Construction of the mall was undertaken by Cubitt Wells, taking approximately nine months at a cost of $1,000,000. LynnMall officially opened as New Zealand's first American-style suburban shopping centre on 30 October 1963, The construction of LynnMall led to further shopping centres developed by Hammerson and Livingstone Jones Lang Wootton across the country, including the Riccarton Mall in Christchurch in 1965 and Southmall Manurewa in 1967. LynnMall also inspired the Henderson Borough Council to create a competing mall, Henderson Square (now known as WestCity Waitakere), which opened in 1968.

The mall was extended in 1970, extending floor space from 90,000 ft2 to 150,000 ft2, making it the largest indoor shopping centre in New Zealand in the 1970s and 1980s. The mall saw further upgrades in 1999.

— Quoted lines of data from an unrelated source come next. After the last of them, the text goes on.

Lemma n_below_add_true_exceed_off i g :
  (n_below g + true_exceed_off i g <= \sum_(k < b) s k)%N.
Proof.
have split_row k : (#|[set j | ~~ g k j]%SET| + #|[set j | g k j]%SET| = s k)%N.
  rewrite addnC (_ : [set j | ~~ g k j]%SET = ~: [set j | g k j]%SET) ?cardsC ?card_ord //.
  by apply/setP => j; rewrite !inE.
rewrite -(eq_bigr _ (fun k _ => split_row k)) big_split leq_add2l /= /true_exceed_off.
rewrite (big_mkcond (fun k => k != i)) leq_sum // => k _; case: ifP => // _.
by apply: subset_leq_card; apply/fintype.subsetP => j; rewrite !inE => /andP[].
Qed.

Lemma sum_true_exceed_ratio_le1 (R : realFieldType) g :
  \sum_(i < b) (true_exceed i g)%:R / (smax + true_exceed_off i g)%:R <= 1 :> R.
Proof. by apply: sum_ratio_le1 => i; exact: true_exceed_le_smax. Qed.

End ExceedancePatterns.
Arguments pattern {b} s.
Arguments smax {b} s.

Section RowIndependence.
Context {d : measure_display} {T : measurableType d} {R : realType}.
Variables (Pr : probability T R) (b : nat) (s : 'I_b -> nat).
Variable P : forall i : 'I_b, 'I_(s i) -> T -> R.
Hypothesis mP : forall i j, measurable_fun setT (P i j).
Hypothesis indep : rows_independent Pr P.

Local Notation pr := (pr Pr).
Local Notation family := (forall k : 'I_b, 'I_(s k) -> set R).

Definition row_rect k (X : 'I_(s k) -> set R) := \bigcap_(j in setT) P k j @^-1` X j.
Definition rect (X : family) := \bigcap_(k in setT) row_rect k (X k).

Lemma rectP X w : rect X w <-> forall k j, X k j (P k j w).
Proof. by split => [Xw k j|Xw k _ j _]; [exact: Xw | exact: Xw]. Qed.

Lemma measurable_preimage_entry k j (A : set R) :
  measurable A -> measurable (P k j @^-1` A).
Proof. by move=> mA; rewrite -[_ @^-1` _]setTI; exact: mP. Qed.

Lemma measurable_row_rect k X :
  (forall j, measurable (X j)) -> measurable (row_rect k X).
Proof.
move=> mX; apply: fin_bigcap_measurable => [|j _]; first exact: finite_finset.
exact: measurable_preimage_entry.
Qed.

Lemma measurable_rect X : (forall k j, measurable (X k j)) -> measurable (rect X).
Proof.
move=> mX; apply: fin_bigcap_measurable => [|k _]; first exact: finite_finset.
exact: measurable_row_rect.
Qed.

Definition unconstrained : family := fun _ _ => setT.
Definition splice i (X Y : family) : family := fun k => if k == i then X k else Y k.

Lemma row_rectI_splice i X Y :
  row_rect i (X i) `&` rect (splice i unconstrained Y) = rect (splice i X Y).
Proof.
apply/seteqP; split => w.
  move=> [Xw /rectP Yw]; apply/rectP => k j; have := Yw k j; rewrite /splice.
  by case: eqP => [ki _|//]; subst k; exact: Xw.
move=> /rectP XYw; split.
  by move=> j _; have := XYw i j; rewrite /splice eqxx.
by apply/rectP => k j; have := XYw k j; rewrite /splice; case: eqP.
Qed.

(* In the product formula for [splice i unconstrained Y], the row-[i] factor
   is [Pr setT = 1]. *)
Lemma pr_row_rectI_splice i X Y :
  (forall k j, measurable (X k j)) -> (forall k j, measurable (Y k j)) ->
  pr (row_rect i (X i) `&` rect (splice i unconstrained Y)) =
  pr (row_rect i (X i)) * pr (rect (splice i unconstrained Y)).
Proof.
move=> mX mY.
have m_splice Z : (forall k j, measurable (Z k j)) -> forall k j, measurable (splice i Z Y k j).
  by move=> mZ k j; rewrite /splice; case: ifP.
have mU : forall k j, measurable (unconstrained k j) by move=> *; exact: measurableT.
apply: EFin_inj; rewrite row_rectI_splice EFinM -!prE;
  try solve [apply: measurable_rect; exact: m_splice | exact: measurable_row_rect].
rewrite !indep; try exact: m_splice.
rewrite [LHS](bigD1 i) //= [X in _ = (_ * X)%E](bigD1 i) //= /splice eqxx.
have -> : \bigcap_(j in setT) P i j @^-1` unconstrained i j = setT by apply/seteqP.
rewrite probability_setT mul1e.
by congr (_ * _)%E; apply: eq_bigr => k /negbTE ->.
Qed.

Definition entry_family (i : 'I_b) (j : 'I_(s i)) (A : set R) : family :=
  fun k j' => if (k == i) && (val j' == val j) then A else setT.

Lemma row_rect_entry_family i j A : row_rect i (entry_family i j A i) = P i j @^-1` A.
Proof.
apply/seteqP; split => [w Aw|w Aw j' _]; first by have := Aw j I; rewrite /entry_family !eqxx.
by rewrite /entry_family eqxx /=; case: eqP => // /val_inj ->.
Qed.

Variable lam : R.

Definition exceed (w : T) : pattern s := [ffun k => [ffun j => lam < P k j w]].

Definition cell (g : pattern s) : family :=
  fun k j => if g k j then `]lam, +oo[%classic else `]-oo, lam]%classic.

Lemma measurable_cell g k j : measurable (cell g k j).
Proof. by rewrite /cell; case: ifP. Qed.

In January 2015, LynnMall commenced a $36 million expansion, named Brickworks, which included a new cinema, dining precinct and additional stores. In November that year, Brickworks officially opened to the public. Together with the existing Farmers department store and Countdown supermarket, the centre provides a shopping destination in the developing town centre of New Lynn.

Seven people were injured in a stabbing attack on 3 September 2021 at the mall, one of whom narrowly missed the knife but was still affected. The attacker Ahamed Samsudeen was shot and killed by police.